*Provided entries*
(* Let $r\geq 2$, let $A$ be a nonnegative symmetric cubical $r$-matrix of order $n$, and let $p\geq r$ be real. Then $\eta^{(p)}(A)=\|A\|_p$.
   Context: A cubical $r$-matrix of order $n$ is a function $A$ on $[n]^r$ with values $a_{i_1,\ldots,i_r}$; it is symmetric if $a_{i_1,\ldots,i_r}$ is invariant under all permutations of the indices. For real symmetric $A$, $P_A(\mathbf{x})=\sum_{i_1,\ldots,i_r}a_{i_1,\ldots,i_r}x_{i_1}\cdots x_{i_r}$ for $\mathbf{x}\in\mathbb{R}^n$, and $\eta^{(p)}(A)=\max\{|P_A(\mathbf{x})|:\mathbf{x}\in\mathbb{R}^n,\ |\mathbf{x}|_p=1\}$. The linear form is $L_A(\mathbf{x}^{(1)},\ldots,\mathbf{x}^{(r)})=\sum a_{i_1,\ldots,i_r}\overline{x^{(1)}_{i_1}}\cdots\overline{x^{(r)}_{i_r}}$ for $\mathbf{x}^{(k)}\in\mathbb{C}^{n}$, and the spectral $p$-norm is $\|A\|_p=\max\{|L_A(\mathbf{x}^{(1)},\ldots,\mathbf{x}^{(r)})|:|\mathbf{x}^{(1)}|_p=\cdots=|\mathbf{x}^{(r)}|_p=1\}$, with $|\cdot|_p$ the $\ell^p$ norm. *)

From HB Require Import structures.
From mathcomp Require Import all_boot all_order all_algebra all_fingroup.
From mathcomp Require Import all_classical all_reals all_analysis.
From mathcomp Require Import complex.
Set Implicit Arguments. Unset Strict Implicit. Unset Printing Implicit Defensive.
Import Order.TTheory GRing.Theory Num.Theory.
Local Open Scope ring_scope.
Local Open Scope classical_set_scope.

Definition cubmx (R : Type) (r n : nat) := r.-tuple 'I_n -> R.

Section Defs.
Variable R : realType.

Definition cub_symmetric (r n : nat) (A : cubmx R r n) : Prop :=
  forall (s : 'S_r) (i : r.-tuple 'I_n),
    A [tuple tnth i (s k) | k < r] = A i.

Definition cub_nonneg (r n : nat) (A : cubmx R r n) : Prop :=
  forall i, 0 <= A i.

Definition lpnormR (n : nat) (p : R) (x : 'I_n -> R) : R :=
  (\sum_(j < n) `|x j| `^ p) `^ p^-1.

Definition cmod (z : complex R) : R := Num.sqrt (complex.Re z ^+ 2 + complex.Im z ^+ 2).

Definition lpnormC (n : nat) (p : R) (x : 'I_n -> complex R) : R :=
  (\sum_(j < n) cmod (x j) `^ p) `^ p^-1.

Definition PA (r n : nat) (A : cubmx R r n) (x : 'I_n -> R) : R :=
  \sum_(i : r.-tuple 'I_n) A i * \prod_(k < r) x (tnth i k).

(* eta^(p)(A) = max { |P_A(x)| : x in R^n, |x|_p = 1 } (taken as sup; the max is attained) *)
Definition eta_p (r n : nat) (p : R) (A : cubmx R r n) : R :=
  sup [set `|PA A x| | x in [set x : 'I_n -> R | lpnormR p x = 1]].

Definition LA (r n : nat) (A : cubmx R r n) (xs : 'I_r -> 'I_n -> complex R)
  : complex R :=
  \sum_(i : r.-tuple 'I_n)
    (Complex (A i) 0) * \prod_(k < r) complex.conjc (xs k (tnth i k)).

Definition spec_pnorm (r n : nat) (p : R) (A : cubmx R r n) : R :=
  sup [set cmod (LA A xs) |
        xs in [set xs : 'I_r -> 'I_n -> complex R | forall k, lpnormC p (xs k) = 1]].

End Defs.

From HB Require Import structures.
From mathcomp Require Import all_boot all_order all_algebra all_fingroup.
From mathcomp Require Import all_classical all_reals all_analysis.
From mathcomp Require Import complex.
From mathcomp Require Import lra.
Import Order.TTheory GRing.Theory Num.Theory.
Local Open Scope ring_scope.
Local Open Scope classical_set_scope.

(* Taking x^(1) = ... = x^(r) = x real shows eta^(p)(A) <= ||A||_p.  Conversely,
   since A >= 0, |L_A(x^(1),...,x^(r))| <= L_A(y_1,...,y_r) with y_k = |x^(k)|.
   Symmetry of A lets us average this over all permutations of the r slots; for
   each index tuple i, AM-GM bounds the permutation sum of y_1(i_s1)...y_r(i_sr)
   by r! m(i_1)...m(i_r), where m_j = (mean_k y_k(j)^p)^(1/p), the power-mean
   inequality (r <= p) controlling sum_k y_k(j)^r by r m_j^r.  Hence
   |L_A| <= P_A(m), and m is again a unit vector of l^p. *)

Section PermutationAGM.
Variable R : realFieldType.

Lemma prod_le_mean_exprn (r : nat) (b : 'I_r -> R) :
  (0 < r)%N -> (forall k, 0 <= b k) -> \prod_k b k <= (\sum_k b k ^+ r) / r%:R.
Proof.
move=> r_gt0 b_ge0.
have := leif_AGM (A := predT) (E := fun k => b k ^+ r) _.
rewrite /= card_ord prodrXl => /(_ (fun k _ => exprn_ge0 r (b_ge0 k))) [+ _].
rewrite ler_pXn2r // ?nnegrE ?prodr_ge0 // divr_ge0 // ?sumr_ge0 // => k _.
exact: exprn_ge0.
Qed.

(* The sum over s does not depend on k (compose s with a transposition), and its
   sum over all k is r! times the sum of g. *)
Lemma sum_perm_app (r : nat) (g : 'I_r -> R) (k : 'I_r) :
  r%:R * \sum_(s : 'S_r) g (s k) = r`!%:R * \sum_j g j.
Proof.
have sum_perm_app_indep k' : \sum_(s : 'S_r) g (s k) = \sum_(s : 'S_r) g (s k').
  rewrite (reindex_inj (mulgI (tperm k k'))) /=.
  by apply: eq_bigr => s _; rewrite permM tpermL.
transitivity (\sum_(k' < r) \sum_(s : 'S_r) g (s k')).
  by rewrite -(eq_bigr _ (fun k' _ => sum_perm_app_indep k')) sumr_const card_ord mulr_natl.
rewrite exchange_big /=.
have sum_perm_reindex (s : 'S_r) : \sum_(k' < r) g (s k') = \sum_j g j.
  by rewrite [RHS](reindex_perm s).
under eq_bigr => s _ do rewrite sum_perm_reindex.
by rewrite sumr_const card_Sn mulr_natl.
Qed.

Lemma psum_exprn_eq0 (I : finType) (r : nat) (b : I -> R) (i : I) :
  (0 < r)%N -> (forall j, 0 <= b j) -> \sum_j b j ^+ r <= 0 -> b i = 0.
Proof.
move=> r_gt0 b_ge0 sum_le0; apply/eqP.
have := expf_eq0 (b i) r; rewrite r_gt0 /= => <-; apply/eqP.
have /psumr_eq0P-> // : \sum_j b j ^+ r = 0.
  by apply/le_anti; rewrite sum_le0 sumr_ge0 // => j _; apply: exprn_ge0.
by move=> j _; apply: exprn_ge0.
Qed.

Section SumPermProd.
Variables (r : nat) (Y : 'I_r -> 'I_r -> R) (c : 'I_r -> R).
Hypotheses (r_gt0 : (0 < r)%N) (Y_ge0 : forall k j, 0 <= Y k j).
Hypothesis Y_col : forall j, \sum_k Y k j ^+ r <= r%:R * c j ^+ r.

Let rR_neq0 : (r%:R : R) != 0. Proof. by rewrite pnatr_eq0 -lt0n. Qed.

Lemma sum_perm_prod_le_pos : (forall j, 0 < c j) ->
  \sum_(s : 'S_r) \prod_k Y k (s k) <= r`!%:R * \prod_j c j.
Proof.
(* normalising by c turns the column condition into \sum_k F k j <= r *)
move=> c_gt0; pose F k j := (Y k j / c j) ^+ r.
have prodc_ge0 : 0 <= \prod_j c j by rewrite prodr_ge0 // => j _; apply: ltW.
have prod_le (s : 'S_r) : \prod_k Y k (s k) <= \prod_j c j * ((\sum_k F k (s k)) / r%:R).
  have -> : \prod_k Y k (s k) = \prod_k c (s k) * \prod_k (Y k (s k) / c (s k)).
    by rewrite -big_split /=; apply: eq_bigr => k _; rewrite mulrC divfK ?gt_eqF.
  have -> : \prod_k c (s k) = \prod_j c j by rewrite [RHS](reindex_perm s).
  apply: ler_wpM2l => //.
  by apply: prod_le_mean_exprn => // k; rewrite divr_ge0 // ltW.
have sum_F_le : \sum_k \sum_j F k j <= r%:R * r%:R.
  have -> : (r%:R : R) * r%:R = \sum_(j < r) r%:R by rewrite sumr_const card_ord mulr_natl.
  rewrite exchange_big ler_sum // => j _.
  under eq_bigr => k _ do rewrite /F expr_div_n.
  by rewrite -mulr_suml ler_pdivrMr ?exprn_gt0 ?Y_col.
apply: le_trans (ler_sum _ (fun s _ => prod_le s)) _.
rewrite -mulr_sumr -mulr_suml exchange_big /=.
have sum_perm_F k : \sum_(s : 'S_r) F k (s k) = r`!%:R / r%:R * \sum_j F k j.
  by apply: (mulfI rR_neq0); rewrite sum_perm_app mulrA mulrCA divff ?mulr1.
rewrite (eq_bigr _ (fun k _ => sum_perm_F k)) -mulr_sumr mulrC ler_wpM2r //.
rewrite ler_pdivrMr ?ltr0n // -mulrA ler_wpM2l ?divr_ge0 //.
by rewrite mulrC ler_pdivrMr ?ltr0n.
Qed.

Lemma sum_perm_prod_le : (forall j, 0 <= c j) ->
  \sum_(s : 'S_r) \prod_k Y k (s k) <= r`!%:R * \prod_j c j.
Proof.
move=> c_ge0.
have [/existsP[j0 /eqP cj0]|/existsPn c_neq0] := boolP [exists j, c j == 0].
  have Y_j0 k : Y k j0 = 0.
    apply: (@psum_exprn_eq0 _ r (Y^~ j0)) => //.
    by have := Y_col j0; rewrite cj0 expr0n gtn_eqF // mulr0.
  rewrite big1 ?mulr_ge0 ?prodr_ge0 // => s _.
  by rewrite (bigD1 ((s^-1)%g j0)) //= permKV Y_j0 mul0r.
by apply: sum_perm_prod_le_pos => j; rewrite lt_def c_neq0 c_ge0.
Qed.

End SumPermProd.
End PermutationAGM.

Section PowerMean.
Variable R : realType.

(* Young's inequality with exponents 1/t and 1/(1-t), applied to u^t and 1. *)
Lemma powR_le_tangent (t u : R) : 0 < t <= 1 -> 0 <= u -> u `^ t <= 1 + t * (u - 1).
Proof.
move=> /andP[t_gt0 t_le1] u_ge0.
have [->|t_neq1] := eqVneq t 1; first by rewrite powRr1 // mul1r addrC subrK.
have t'_gt0 : 0 < 1 - t by rewrite subr_gt0 lt_neqAle t_neq1.
have := @conjugate_powR R (u `^ t) 1 t^-1 (1 - t)^-1 (powR_ge0 _ _) ler01.
rewrite !invr_gt0 t_gt0 t'_gt0 => /(_ isT isT); rewrite !invrK addrC subrK => /(_ erefl).
rewrite mulr1 -powRrM mulfV ?gt_eqF // powRr1 // powR1.
lra.
Qed.

Lemma sum_exprn_le_power_mean (r : nat) (p : R) (a : 'I_r -> R) :
  (0 < r)%N -> r%:R <= p -> (forall k, 0 <= a k) ->
  \sum_k a k ^+ r <= r%:R * (((\sum_k a k `^ p) / r%:R) `^ p^-1) ^+ r.
Proof.
move=> r_gt0 r_le_p a_ge0.
have rR_gt0 : (0 : R) < r%:R by rewrite ltr0n.
have p_gt0 : 0 < p by apply: lt_le_trans r_le_p.
set B := (\sum_k a k `^ p) / r%:R.
have B_ge0 : 0 <= B by rewrite divr_ge0 ?sumr_ge0 ?ltW // => k _; apply: powR_ge0.
pose t := p^-1 * r%:R.
have t_itv : 0 < t <= 1 by rewrite /t mulr_gt0 ?invr_gt0 //= mulrC ler_pdivrMr // mul1r.
have -> : (B `^ p^-1) ^+ r = B `^ t by rewrite -powR_mulrn ?powR_ge0 // -powRrM.
have a_exprn k : a k ^+ r = (a k `^ p) `^ t.
  by rewrite -powRrM /t mulrA mulfV ?gt_eqF // mul1r powR_mulrn.
have [B0|B_neq0] := eqVneq B 0.
  have a0 k : a k = 0.
    apply: (@powR_eq0_eq0 _ _ p); apply/eqP; move: B0 => /eqP.
    rewrite /B mulf_eq0 invr_eq0 pnatr_eq0 gtn_eqF // orbF => /eqP.
    by move/psumr_eq0P => -> // i _; apply: powR_ge0.
  by rewrite big1 ?mulr_ge0 ?powR_ge0 // => k _; rewrite a0 expr0n gtn_eqF.
(* concavity of u |-> u `^ t, through its tangent at the mean B *)
apply: (@le_trans _ _ (\sum_k B `^ t * (1 + t * (a k `^ p / B - 1)))).
  apply: ler_sum => k _.
  have ak_ge0 : 0 <= a k `^ p / B by rewrite divr_ge0 ?powR_ge0.
  rewrite a_exprn -{1}[a k `^ p](divfK B_neq0) mulrC powRM //.
  by apply: ler_wpM2l; [exact: powR_ge0 | exact: powR_le_tangent].
rewrite -mulr_sumr mulrC ler_wpM2r ?powR_ge0 //.
rewrite big_split /= sumr_const card_ord -mulr_sumr sumrB -mulr_suml sumr_const card_ord.
have -> : \sum_k a k `^ p = r%:R * B by rewrite /B mulrC divfK // gt_eqF.
by rewrite mulfK // subrr mulr0 addr0.
Qed.

Lemma powR_inv_eq1 (p S : R) : 0 < p -> 0 <= S -> S `^ p^-1 = 1 -> S = 1.
Proof.
move=> p_gt0 S_ge0 /(congr1 (fun z => z `^ p)).
by rewrite -powRrM mulVf ?gt_eqF // powRr1 // powR1.
Qed.

End PowerMean.

Section ComplexModulus.
Variable R : realType.

Lemma cmodE (z : complex R) : cmod z = Normc.normc z.
Proof. by case: z. Qed.

Lemma cmod_ge0 (z : complex R) : 0 <= cmod z.
Proof. exact: sqrtr_ge0. Qed.

Lemma cmodM (x y : complex R) : cmod (x * y) = cmod x * cmod y.
Proof. by rewrite !cmodE Normc.normcM. Qed.

Lemma cmod_real (a : R) : cmod (Complex a 0) = `|a|.
Proof. by rewrite /cmod /= expr0n /= addr0 sqrtr_sqr. Qed.

Lemma cmod_conj (z : complex R) : cmod (conjc z) = cmod z.
Proof. by case: z => a b; rewrite /cmod /= sqrrN. Qed.

Lemma cmod_sum_le (I : finType) (F : I -> complex R) :
  cmod (\sum_i F i) <= \sum_i cmod (F i).
Proof.
elim/big_rec2: _ => [|i y1 y2 _ IH]; first by rewrite cmod_real normr0.
by rewrite cmodE; apply: le_trans (le_normcD _ _) _; rewrite -!cmodE lerD2l.
Qed.

Lemma cmod_prod (I : finType) (F : I -> complex R) :
  cmod (\prod_i F i) = \prod_i cmod (F i).
Proof. by apply: big_morph; [exact: cmodM | rewrite cmod_real normr1]. Qed.

Lemma lpnormC_real (n : nat) (p : R) (x : 'I_n -> R) :
  lpnormC p (fun j => Complex (x j) 0) = lpnormR p x.
Proof. by rewrite /lpnormC /lpnormR; under eq_bigr => j _ do rewrite cmod_real. Qed.

End ComplexModulus.

Definition lp_mean {R : realType} {r n : nat} (p : R) (y : 'I_r -> 'I_n -> R)
    (j : 'I_n) : R :=
  ((\sum_k y k j `^ p) / r%:R) `^ p^-1.

Section SymmetricForm.
Variables (R : realType) (r n : nat) (A : cubmx R r n).

Lemma sym_sum_perm_slots (y : 'I_r -> 'I_n -> R) (s : 'S_r) : cub_symmetric A ->
  \sum_(i : r.-tuple 'I_n) A i * \prod_k y k (tnth i k) =
  \sum_(i : r.-tuple 'I_n) A i * \prod_k y k (tnth i (s k)).
Proof.
move=> A_sym; pose h (i : r.-tuple 'I_n) := [tuple tnth i (s k) | k < r].
have h_inj : injective h.
  move=> i1 i2 /(congr1 (fun t => tnth t ((s^-1)%g _))) h_eq.
  by apply: eq_from_tnth => j; have := h_eq j; rewrite !tnth_mktuple permKV.
rewrite (reindex_inj h_inj); apply: eq_bigr => i _.
by rewrite A_sym; congr (_ * _); apply: eq_bigr => k _; rewrite tnth_mktuple.
Qed.

Lemma multilinear_le_PA_lp_mean (p : R) (y : 'I_r -> 'I_n -> R) :
  (0 < r)%N -> r%:R <= p -> cub_nonneg A -> cub_symmetric A ->
  (forall k j, 0 <= y k j) ->
  \sum_(i : r.-tuple 'I_n) A i * \prod_k y k (tnth i k) <= PA A (lp_mean p y).
Proof.
move=> r_gt0 r_le_p A_ge0 A_sym y_ge0.
rewrite -(@ler_pM2l _ r`!%:R) ?ltr0n ?fact_gt0 //.
have -> : r`!%:R * (\sum_(i : r.-tuple 'I_n) A i * \prod_k y k (tnth i k)) =
    \sum_(s : 'S_r) \sum_(i : r.-tuple 'I_n) A i * \prod_k y k (tnth i (s k)).
  rewrite -(eq_bigr _ (fun s _ => sym_sum_perm_slots y s A_sym)).
  by rewrite sumr_const card_Sn mulr_natl.
rewrite exchange_big /PA mulr_sumr; apply: ler_sum => i _.
rewrite -mulr_sumr mulrCA; apply: ler_wpM2l; first exact: A_ge0.
apply: (@sum_perm_prod_le _ _ (fun k j => y k (tnth i j))) => // j.
  exact: sum_exprn_le_power_mean.
exact: powR_ge0.
Qed.

Lemma lpnormR_lp_mean (p : R) (y : 'I_r -> 'I_n -> R) : (0 < r)%N -> 0 < p ->
  (forall k, \sum_j y k j `^ p = 1) -> lpnormR p (lp_mean p y) = 1.
Proof.
move=> r_gt0 p_gt0 y_unit; rewrite /lpnormR.
have rR_gt0 : (0 : R) < r%:R by rewrite ltr0n.
under eq_bigr => j _.
  rewrite ger0_norm ?powR_ge0 // -powRrM mulVf ?gt_eqF // powRr1; last first.
    by rewrite divr_ge0 ?sumr_ge0 ?ltW // => k _; apply: powR_ge0.
  over.
rewrite -mulr_suml exchange_big /=.
under eq_bigr => k _ do rewrite y_unit.
by rewrite sumr_const card_ord -mulr_natr mul1r divff ?gt_eqF // powR1.
Qed.

End SymmetricForm.

Lemma sup_subset_cofinal (R : realType) (S1 S2 : set R) : S1 `<=` S2 ->
  (forall b, S2 b -> exists2 a, S1 a & b <= a) -> sup S1 = sup S2.
Proof.
move=> S12 cofinal.
have ub21 u : ubound S1 u -> ubound S2 u.
  by move=> ub1 b /cofinal [a /ub1 a_le_u b_le_a]; apply: le_trans a_le_u.
have [[S2_n0 [u ub2]]|no_sup2] := pselect (has_sup S2).
  have S1_n0 : S1 !=set0 by have [b /cofinal [a S1a _]] := S2_n0; exists a.
  have S1_ub : has_ubound S1 by exists u => x /S12 /ub2.
  apply/le_anti/andP; split.
    by apply: ge_sup => // x /S12; apply: ub_le_sup; exists u.
  by apply: ge_sup => //; apply: ub21; apply: sup_upper_bound.
rewrite (sup_out no_sup2) sup_out // => -[[a S1a] [u ub1]]; apply: no_sup2.
by split; [exists a; apply: S12 | exists u; apply: ub21].
Qed.

Lemma LA_real {R : realType} {r n : nat} (A : cubmx R r n) (x : 'I_n -> R) :
  LA A (fun _ j => Complex (x j) 0) = Complex (PA A x) 0.
Proof.
have real_cplx (a : R) : Complex a 0 = (a%:C)%C by [].
rewrite /LA /PA real_cplx rmorph_sum; apply: eq_bigr => i _.
rewrite rmorphM rmorph_prod real_cplx; congr (_ * _); apply: eq_bigr => k _.
by rewrite /conjc /= oppr0.
Qed.

Lemma cmod_LA_le {R : realType} {r n : nat} (A : cubmx R r n)
    (xs : 'I_r -> 'I_n -> complex R) : cub_nonneg A ->
  cmod (LA A xs) <= \sum_(i : r.-tuple 'I_n) A i * \prod_k cmod (xs k (tnth i k)).
Proof.
move=> A_ge0; rewrite /LA; apply: le_trans; first exact: cmod_sum_le.
apply: ler_sum => i _.
rewrite cmodM cmod_real ger0_norm // cmod_prod.
by under eq_bigr => k _ do rewrite cmod_conj.
Qed.

Theorem theorem2 (R : realType) (r n : nat) (A : cubmx R r n) (p : R) :
  (2 <= r)%N -> cub_nonneg A -> cub_symmetric A -> r%:R <= p ->
  eta_p p A = spec_pnorm p A.
Proof.
move=> r_ge2 A_ge0 A_sym r_le_p.
have r_gt0 : (0 < r)%N by apply: leq_trans r_ge2.
have p_gt0 : 0 < p by apply: lt_le_trans r_le_p; rewrite ltr0n.
apply: sup_subset_cofinal => [_ [x x_unit <-]|_ [xs xs_unit <-]].
  exists (fun _ j => Complex (x j) 0); last by rewrite LA_real cmod_real.
  by move=> k; rewrite lpnormC_real.
pose y k j := cmod (xs k j).
have y_ge0 k j : 0 <= y k j by apply: cmod_ge0.
have y_unit k : \sum_j y k j `^ p = 1.
  apply: (@powR_inv_eq1 _ p _ p_gt0); last exact: xs_unit.
  by apply: sumr_ge0 => j _; apply: powR_ge0.
exists `|PA A (lp_mean p y)|; first by exists (lp_mean p y) => //; apply: lpnormR_lp_mean.
apply: le_trans (cmod_LA_le A xs A_ge0) _; apply: le_trans (ler_norm _).
exact: multilinear_le_PA_lp_mean.
Qed.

*Your goal*
Please return the span of lines above that opens with the one containing "y) => //; apply: lpnormR_lp_mean." and closes with the final line, both included, exactly as written and nothing more.

*Problem solution*
exists `|PA A (lp_mean p y)|; first by exists (lp_mean p y) => //; apply: lpnormR_lp_mean.
apply: le_trans (cmod_LA_le A xs A_ge0) _; apply: le_trans (ler_norm _).
exact: multilinear_le_PA_lp_mean.
Qed.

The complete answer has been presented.